Similar results hold for example 2. Sum of efficiencies of the links increases by increasing the total costs, and an efficient pattern can be achieved by a little additional cost. The results of examples 1 and 2 confirm that the optimum solutions of the MSCFLP and the SSCFLP do not necessarily have efficient location-allocation pattern. In other words, the solutions of these problems under the cost criterion are different from the ones under efficiency criterion. So, to increase efficiency of allocations in the MSCFLP and the SSCFLP, more fixed cost or transportation costs are needed. It means that the total cost and the efficiency of the location-allocation pattern are conflicting objectives. The results of these examples show that, in a location-allocation pattern which has minimum cost, achieving high level of efficiency is cheap.
7. Conclusions
In this paper, we have incorporated the concept of the efficiency into two kinds of capacitated facility location problems, SSCFLP and MSCFLP, using DEA models. We have proposed two bi-objective integer programs for SSCFLP-DEA and MSCFLP-DEA models using the CCR model of DEA for performance evaluation and measuring efficiency. The developed model for MSCFLP-DEA has less variables and constraints compared with the one proposed by Klimberg and Ratick in [13]. In both SSCFLP-DEA and MSCFLP-DEA models, the number of facilities to be located is not predetermined and the models should specify it. Our models can determine location pattern including location of facilities and assignment of customers to them and also consider efficiency scores simultaneously. We used an LP-metric procedure to solve the bi-objective models, and computational results on two numerical examples show that these models are more reliable and efficient. Results of numerical examples show that the high level of efficiency can be achieved by only little increase in the costs.
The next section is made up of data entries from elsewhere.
(* Let $(C,\chi)$ be a Hopf heap and let $\mathrm{Tn}^r C\subseteq\mathrm{End}_{\mathbb{F}}(C)$ be the linear span of all right translations $\tau_a^b$, $a,b\in C$. (1) $\mathrm{Tn}^r C$ is a bialgebra with multiplication the opposite composition, i.e. $\tau_a^b\tau_c^d=\tau_c^d\circ\tau_a^b=\tau_a^{[b,c,d]}$, identity $\mathrm{id}_C$, and (well-defined) coproduct and counit $\Delta(\tau_a^b)=\sum\tau_{a_{(2)}}^{b_{(1)}}\otimes\tau_{a_{(1)}}^{b_{(2)}}$, $\varepsilon(\tau_a^b)=\varepsilon(a)\varepsilon(b)$. (2) If $(C,\chi)$ admits a Grunspan map $\vartheta$, then $\mathrm{Tn}^r C$ is a Hopf algebra with antipode $S(\tau_a^b)=\tau_b^{\vartheta(a)}$. (3) If $f:C\to D$ is a morphism of Hopf heaps, then $\mathrm{Tn}^r f:\mathrm{Tn}^r C\to\mathrm{Tn}^r D$, $\tau_a^b\mapsto\tau_{f(a)}^{f(b)}$, is a (well-defined) bialgebra map, and a Hopf algebra map when both have Grunspan maps. (4) $C\mapsto\mathrm{Tn}^r C$, $f\mapsto\mathrm{Tn}^r f$ is a functor from Hopf heaps to bialgebras (from Hopf heaps with Grunspan maps to Hopf algebras).
   Context: Work over a field $\mathbb{F}$; coalgebras are coassociative, counital, nonzero, with Sweedler notation; $C^{\mathrm{co}}$ is the co-opposite coalgebra. A Hopf heap is a coalgebra $C$ with a coalgebra map $\chi:C\otimes C^{\mathrm{co}}\otimes C\to C$, $a\otimes b\otimes c\mapsto[a,b,c]$, such that $[[a,b,c],d,e]=[a,b,[c,d,e]]$ and $\sum[c_{(1)},c_{(2)},a]=\sum[a,c_{(1)},c_{(2)}]=\varepsilon(c)a$. A morphism of Hopf heaps is a coalgebra map $f$ with $f([a,b,c])=[f(a),f(b),f(c)]$. The right $(a,b)$-translation is $\tau_a^b:C\to C$, $c\mapsto[c,a,b]$. A Grunspan map is a coalgebra map $\vartheta:C\to C$ with $[[a,b,\vartheta(c)],d,e]=[a,[d,c,b],e]$ for all $a,b,c,d,e$. *)

(* There is no tensor-product library, so an element of V (x) W is represented
   by a finite list of pairs [(v_i, w_i)] (meaning sum_i v_i (x) w_i), and two
   such representatives are identified iff every pair of linear functionals
   phi : V -> F, psi : W -> F gives the same value sum_i phi v_i * psi w_i.
   Over a field this is exactly equality in V (x) W. *)
From HB Require Import structures.
From mathcomp Require Import all_boot all_order all_algebra.
Set Implicit Arguments. Unset Strict Implicit. Unset Printing Implicit Defensive.
Import GRing.Theory.
Local Open Scope ring_scope.

Fixpoint allP (T : Type) (P : T -> Prop) (s : seq T) : Prop :=
  if s is x :: s' then P x /\ allP P s' else True.

Section HopfHeaps.
Variable F : fieldType.

Definition lfun (V : lmodType F) (phi : V -> F) : Prop :=
  forall (a : F) (x y : V), phi (a *: x + y) = a * phi x + phi y.

Definition lmap (V W : lmodType F) (f : V -> W) : Prop :=
  forall (a : F) (x y : V), f (a *: x + y) = a *: f x + f y.

Definition teq2 (V W : lmodType F) (s t : seq (V * W)) : Prop :=
  forall (phi : V -> F) (psi : W -> F), lfun phi -> lfun psi ->
    \sum_(p <- s) phi p.1 * psi p.2 = \sum_(p <- t) phi p.1 * psi p.2.

(* (C, d, e) is a (nonzero, coassociative, counital) coalgebra;
   d c represents Delta(c) = sum c_(1) (x) c_(2). *)
Definition coalgebra (C : lmodType F) (d : C -> seq (C * C)) (e : C -> F) : Prop :=
  [/\ (exists c : C, c != 0),
      lfun e,
      (forall (a : F) (x y : C),
         teq2 (d (a *: x + y)) ([seq (a *: p.1, p.2) | p <- d x] ++ d y)),
      (forall (c : C) (phi psi xi : C -> F), lfun phi -> lfun psi -> lfun xi ->
         \sum_(p <- d c) (\sum_(q <- d p.1) phi q.1 * psi q.2) * xi p.2 =
         \sum_(p <- d c) phi p.1 * (\sum_(q <- d p.2) psi q.1 * xi q.2)) &
      (forall c : C, \sum_(p <- d c) e p.1 *: p.2 = c /\
                     \sum_(p <- d c) e p.2 *: p.1 = c)].

Definition coalg_map (C D : lmodType F) (dC : C -> seq (C * C)) (eC : C -> F)
    (dD : D -> seq (D * D)) (eD : D -> F) (f : C -> D) : Prop :=
  [/\ lmap f,
      (forall c : C, teq2 (dD (f c)) [seq (f p.1, f p.2) | p <- dC c]) &
      (forall c : C, eD (f c) = eC c)].

(* Hopf heap: chi a b c = [a, b, c], a coalgebra map C (x) C^co (x) C -> C *)
Definition hopf_heap (C : lmodType F) (d : C -> seq (C * C)) (e : C -> F)
    (chi : C -> C -> C -> C) : Prop :=
  [/\ coalgebra d e,
      (forall b c : C, lmap (fun a => chi a b c)) /\
      (forall a c : C, lmap (fun b => chi a b c)) /\
      (forall a b : C, lmap (chi a b)),
      (forall a b c : C,
         teq2 (d (chi a b c))
           [seq (chi p.1 qr.1.2 qr.2.1, chi p.2 qr.1.1 qr.2.2)
              | p <- d a, qr <- [seq (q, r) | q <- d b, r <- d c]]) /\
      (forall a b c : C, e (chi a b c) = e a * e b * e c),
      (forall a b c x y : C, chi (chi a b c) x y = chi a b (chi c x y)) &
      (forall a c : C, \sum_(p <- d c) chi p.1 p.2 a = e c *: a /\
                       \sum_(p <- d c) chi a p.1 p.2 = e c *: a)].
(* Suppose that $(R,\mathfrak m)$ is $F$-pure and let $(\mathfrak a_\lambda)_{\lambda\in\Lambda}$ be a non-empty family of fully $\Phi(E)$-special ideals of $R$. Then $\sum_{\lambda\in\Lambda}\mathfrak a_\lambda$ is fully $\Phi(E)$-special.
   Context: $(R,\mathfrak m)$ is a commutative Noetherian local ring of prime characteristic $p$. $R$ is $F$-pure if for every $R$-module $M$ the map $M\to R^{(1)}\otimes_RM$, $m\mapsto1\otimes m$, is injective ($R^{(1)}$ = $R$ with right structure via $r\mapsto r^p$). The Frobenius skew polynomial ring $R[x,f]$ consists of polynomials $\sum r_ix^i$, free left $R$-module on $(x^i)_{i\ge0}$, with $xr=r^px$. $E=E_R(R/\mathfrak m)$; $\Phi(E)=R[x,f]\otimes_RE=\bigoplus_nRx^n\otimes_RE$, with $0$th component identified with $E$. $\operatorname{ann}_{\Phi(E)}(\mathfrak aR[x,f])$ is the submodule of elements annihilated by all $rx^n$, $r\in\mathfrak a$, $n\ge0$; $\mathfrak a$ is fully $\Phi(E)$-special if $(0:_E\mathfrak a)$ is contained in the $0$th component of $\operatorname{ann}_{\Phi(E)}(\mathfrak aR[x,f])$. *)

From HB Require Import structures.
From mathcomp Require Import all_boot all_order all_algebra.
Set Implicit Arguments. Unset Strict Implicit. Unset Printing Implicit Defensive.
Import Order.TTheory GRing.Theory.
Local Open Scope ring_scope.

Section Defs.
Variable R : comNzRingType.

Definition is_ideal (I : R -> Prop) : Prop :=
  [/\ I 0, (forall x y, I x -> I y -> I (x + y)) & (forall r x, I x -> I (r * x))].

Definition noetherian : Prop :=
  forall I : nat -> R -> Prop, (forall n, is_ideal (I n)) ->
    (forall n x, I n x -> I n.+1 x) ->
    exists N, forall n x, (N <= n)%N -> I n x -> I N x.

Definition local_with_max (m : R -> Prop) : Prop :=
  [/\ is_ideal m, ~ m 1 &
      forall I, is_ideal I -> ~ I 1 -> forall x, I x -> m x].

Inductive ideal_sum (L : Type) (a : L -> R -> Prop) : R -> Prop :=
| isum0 : ideal_sum a 0
| isum_gen l x : a l x -> ideal_sum a x
| isum_add x y : ideal_sum a x -> ideal_sum a y -> ideal_sum a (x + y)
| isum_mul r x : ideal_sum a x -> ideal_sum a (r * x).

(* Free left R-module on the set M: functions M -> R (finitely supported
   elements arise from the generators below). delta m is the basis vector. *)
Definition delta (M : lmodType R) (m : M) : M -> R := fun x => (x == m)%:R.

(* The relation submodule K such that
     R x^n (x)_R M  =  (free left R-module on M) / K,
   where R x^n is the (R,R)-bimodule R with right action s |-> s^(p^n).
   The class of r * delta m corresponds to r x^n (x) m. *)
Inductive frob_rel (p n : nat) (M : lmodType R) : (M -> R) -> Prop :=
| frob0 : frob_rel p n (fun _ => 0)
| frob_add f g : frob_rel p n f -> frob_rel p n g ->
    frob_rel p n (fun x => f x + g x)
| frob_scale r f : frob_rel p n f -> frob_rel p n (fun x => r * f x)
| frob_ext f g : (forall x, f x = g x) -> frob_rel p n f -> frob_rel p n g
| frob_addrel m m' : frob_rel p n
    (fun x => delta (m + m') x - delta m x - delta m' x)
| frob_scalerel s m : frob_rel p n
    (fun x => delta (s *: m) x - s ^+ (p ^ n) * delta m x).

(* Equality of r x^n (x) m and r' x^n (x) m' in R x^n (x)_R M. *)
Definition frob_tensor_eq (p n : nat) (M : lmodType R) (r : R) (m : M)
  (r' : R) (m' : M) : Prop :=
  frob_rel p n (fun x => r * delta m x - r' * delta m' x).

Definition F_pure (p : nat) : Prop :=
  forall (M : lmodType R) (m m' : M), @frob_tensor_eq p 1 M 1 m 1 m' -> m = m'.

Definition injective_module (E : lmodType R) : Prop :=
  forall (N M : lmodType R) (i : {linear N -> M}), injective i ->
  forall f : {linear N -> E}, exists g : {linear M -> E}, forall x, g (i x) = f x.

Definition is_submodule (E : lmodType R) (N : E -> Prop) : Prop :=
  [/\ N 0, (forall x y, N x -> N y -> N (x + y)) & (forall r x, N x -> N (r *: x))].

(* E is an injective hull of R/m, with R/m embedded as R e0 (ann e0 = m). *)
Definition injective_hull_residue (m : R -> Prop) (E : lmodType R) (e0 : E) : Prop :=
  [/\ forall r, r *: e0 = 0 <-> m r,
      (forall N, is_submodule N -> (exists e, N e /\ e <> 0) ->
         exists e, [/\ N e, e <> 0 & exists s, e = s *: e0])
    & injective_module E].

Definition annihilated_by (E : lmodType R) (a : R -> Prop) (e : E) : Prop :=
  forall r, a r -> r *: e = 0.

(* a is fully Phi(E)-special: every e in (0 :_E a), viewed in degree 0 of
   Phi(E) = (+)_n R x^n (x) E, is killed by every r x^n with r in a,
   i.e. r x^n (x) e = 0 in R x^n (x)_R E for all n. *)
Definition fully_special (p : nat) (E : lmodType R) (a : R -> Prop) : Prop :=
  forall e : E, annihilated_by a e ->
  forall (n : nat) (r : R), a r -> @frob_tensor_eq p n E r e 0 0.

End Defs.
Arguments frob_tensor_eq {R} p n M r m r' m'.

From HB Require Import structures.
From mathcomp Require Import all_boot all_order all_algebra.
Import GRing.Theory.
Local Open Scope ring_scope.

(* The elements [r] with [r x^n (x) e = 0] form an ideal, and an element killed
   by the sum of the [a l] is killed by each [a l]; so this ideal contains every
   [a l], hence their sum. *)

Section IdealSum.
Variable R : comNzRingType.

Lemma ideal_sum_min (L : Type) (a : L -> R -> Prop) (I : R -> Prop) :
  is_ideal I -> (forall l x, a l x -> I x) -> forall x, ideal_sum a x -> I x.
Proof.
case=> I0 ID IM aI x; elim=> [|l y /aI|y z _ Iy _ Iz|s y _ Iy] //.
- exact: ID.
- exact: IM.
Qed.

Lemma annihilated_by_sub (E : lmodType R) (a b : R -> Prop) (e : E) :
  (forall r, b r -> a r) -> annihilated_by a e -> annihilated_by b e.
Proof. by move=> ba ae r /ba; apply: ae. Qed.

Lemma frob_tensor_eq0_ideal (p n : nat) (M : lmodType R) (e : M) :
  is_ideal (fun r => frob_tensor_eq p n M r e 0 0).
Proof.
rewrite /frob_tensor_eq; split=> [|x y Hx Hy|s x Hx].
- by apply: (frob_ext _ (frob0 _ _ _)) => z; rewrite !mul0r subr0.
- by apply: (frob_ext _ (frob_add Hx Hy)) => z; rewrite !mul0r !subr0 mulrDl.
- by apply: (frob_ext _ (frob_scale s Hx)) => z; rewrite !mul0r !subr0 mulrA.
Qed.

Lemma fully_special_ideal_sum (p : nat) (E : lmodType R) (L : Type)
    (a : L -> R -> Prop) :
  (forall l, fully_special p E (a l)) -> fully_special p E (ideal_sum a).
Proof.
move=> a_special e e_ann n; apply: ideal_sum_min => [|l r ar].
  exact: frob_tensor_eq0_ideal.
apply: (a_special l) ar.
exact: annihilated_by_sub (@isum_gen _ _ a l) e_ann.
Qed.

End IdealSum.

Theorem proposition1p9 (R : comNzRingType) (p : nat) (m : R -> Prop)
  (E : lmodType R) (e0 : E) (L : Type) (a : L -> R -> Prop) :
  p \in [pchar R] ->
  noetherian R ->
  local_with_max m ->
  injective_hull_residue m e0 ->
  F_pure R p ->
  inhabited L ->
  (forall l, is_ideal (a l)) ->
  (forall l, fully_special p E (a l)) ->
  fully_special p E (ideal_sum a).
Proof. by move=> _ _ _ _ _ _ _; apply: fully_special_ideal_sum. Qed.
(* Let $B,M,K,L$ be positive integers with $N=BM=K$, and let $P>0$, $C>0$. Let $a_{bk}>0$ and define $v_{ij}=a_{\lceil i/M\rceil j}$ for $i=1,\dots,N$, $j=1,\dots,K$. Define $$\sigma_i^2=\frac{1+\frac{P}{L}\sum_{j=1}^K v_{ij}}{2^{C/(ML)}-1},\quad \hat v_{ij}(\tau)=\frac{\tau\frac{P}{L}v_{ij}^2}{\tau\frac{P}{L}v_{ij}+1+\sigma_i^2},\quad \tilde v_{ij}(\tau)=\frac{v_{ij}(1+\sigma_i^2)}{\tau\frac{P}{L}v_{ij}+1+\sigma_i^2},$$ $$\overline v_{ij}(\tau)=\frac{\hat v_{ij}(\tau)}{1+\sigma_i^2+\frac{P}{L}\sum_{\ell=1}^K\tilde v_{i\ell}(\tau)},\qquad \mathbf D_j(\tau)=\mathrm{diag}(\overline v_{1j}(\tau),\dots,\overline v_{Nj}(\tau)).$$ Assume that for every $\tau>0$ the matrix $\overline{\mathbf V}(\tau)=(\overline v_{ij}(\tau))$ is doubly regular, i.e. there is $\mathcal K(\tau)$ with $$\mathcal K(\tau)=\frac1N\sum_{i=1}^N\overline v_{ik}(\tau)=\frac1N\sum_{j=1}^N\overline v_{\ell j}(\tau)\quad\text{for all }k,\ell.$$ Let $\mathbf T_P=\mathbf T(-\frac{L}{KP})$ with $\mathbf T(z)$ as in the context, and $$\overline R(\tau)=\frac1N\sum_{j=1}^K\log\Big(1+\tfrac1K\mathrm{tr}\,\mathbf D_j(\tau)\mathbf T_P\Big)-\frac1N\log\det\Big(\tfrac{L}{KP}\mathbf T_P\Big)-\frac1N\sum_{j=1}^K\frac{\frac1K\mathrm{tr}\,\mathbf D_j(\tau)\mathbf T_P}{1+\frac1K\mathrm{tr}\,\mathbf D_j(\tau)\mathbf T_P}.$$ Then $\overline R(\tau)$ is a strictly concave function of $\tau>0$.
   Context: $\log$ is the natural logarithm. Let $\mathbb C_+=\{z\in\mathbb C:\Im z>0\}$ and let $\mathcal S$ be the class of functions $f$ analytic on $\mathbb C\setminus\mathbb R_+$ such that $f(z)\in\mathbb C_+$ and $zf(z)\in\mathbb C_+$ for $z\in\mathbb C_+$, and $\lim_{y\to\infty}-\mathrm{i}y f(\mathrm{i}y)=1$. For fixed $\tau$, $\mathbf T(z)=\mathrm{diag}(t_1(z),\dots,t_N(z))$ denotes the unique solution with $(t_1,\dots,t_N)\in\mathcal S^N$ of $$\mathbf T(z)=\Big(\frac1K\sum_{j=1}^K\frac{\mathbf D_j(\tau)}{1+\frac1K\mathrm{tr}\,\mathbf D_j(\tau)\mathbf T(z)}-z\mathbf I_N\Big)^{-1}.$$ *)

From HB Require Import structures.
From mathcomp Require Import all_boot all_order all_algebra.
From mathcomp Require Import complex.
From mathcomp Require Import all_classical all_reals all_analysis.
Set Implicit Arguments. Unset Strict Implicit. Unset Printing Implicit Defensive.
Import Order.TTheory GRing.Theory Num.Theory.
Import numFieldNormedType.Exports.
Local Open Scope ring_scope.
Local Open Scope complex_scope.
Local Open Scope classical_set_scope.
Due to the uncertainty of data in real-world applications, studying this problem under uncertainty can be considered as a future research direction.
Data Availability
The data supporting examples of this manuscript are from previously reported studies and datasets, which have been cited in the manuscript. The data are available in following references: [R. K. Klimberg and S. J. Ratick, Modeling data envelopment analysis (DEA) efficient location/allocation decision. Computer & Operation Research, vol. 35, pp. 457–474, 2008.] [M. Moheb-Alizadeh, S. M. Rasouli, and R. Tavakkoli-Moghaddam, “The use of multi-criteria data envelopment analysis (MCDEA) for location-allocation problems in a fuzzy environment”, Expert Systems with Applications, vol. 38, pp. 5687–5695, 2011].
Conflicts of Interest
The authors declare that there are no conflicts of interest regarding the publication of this paper.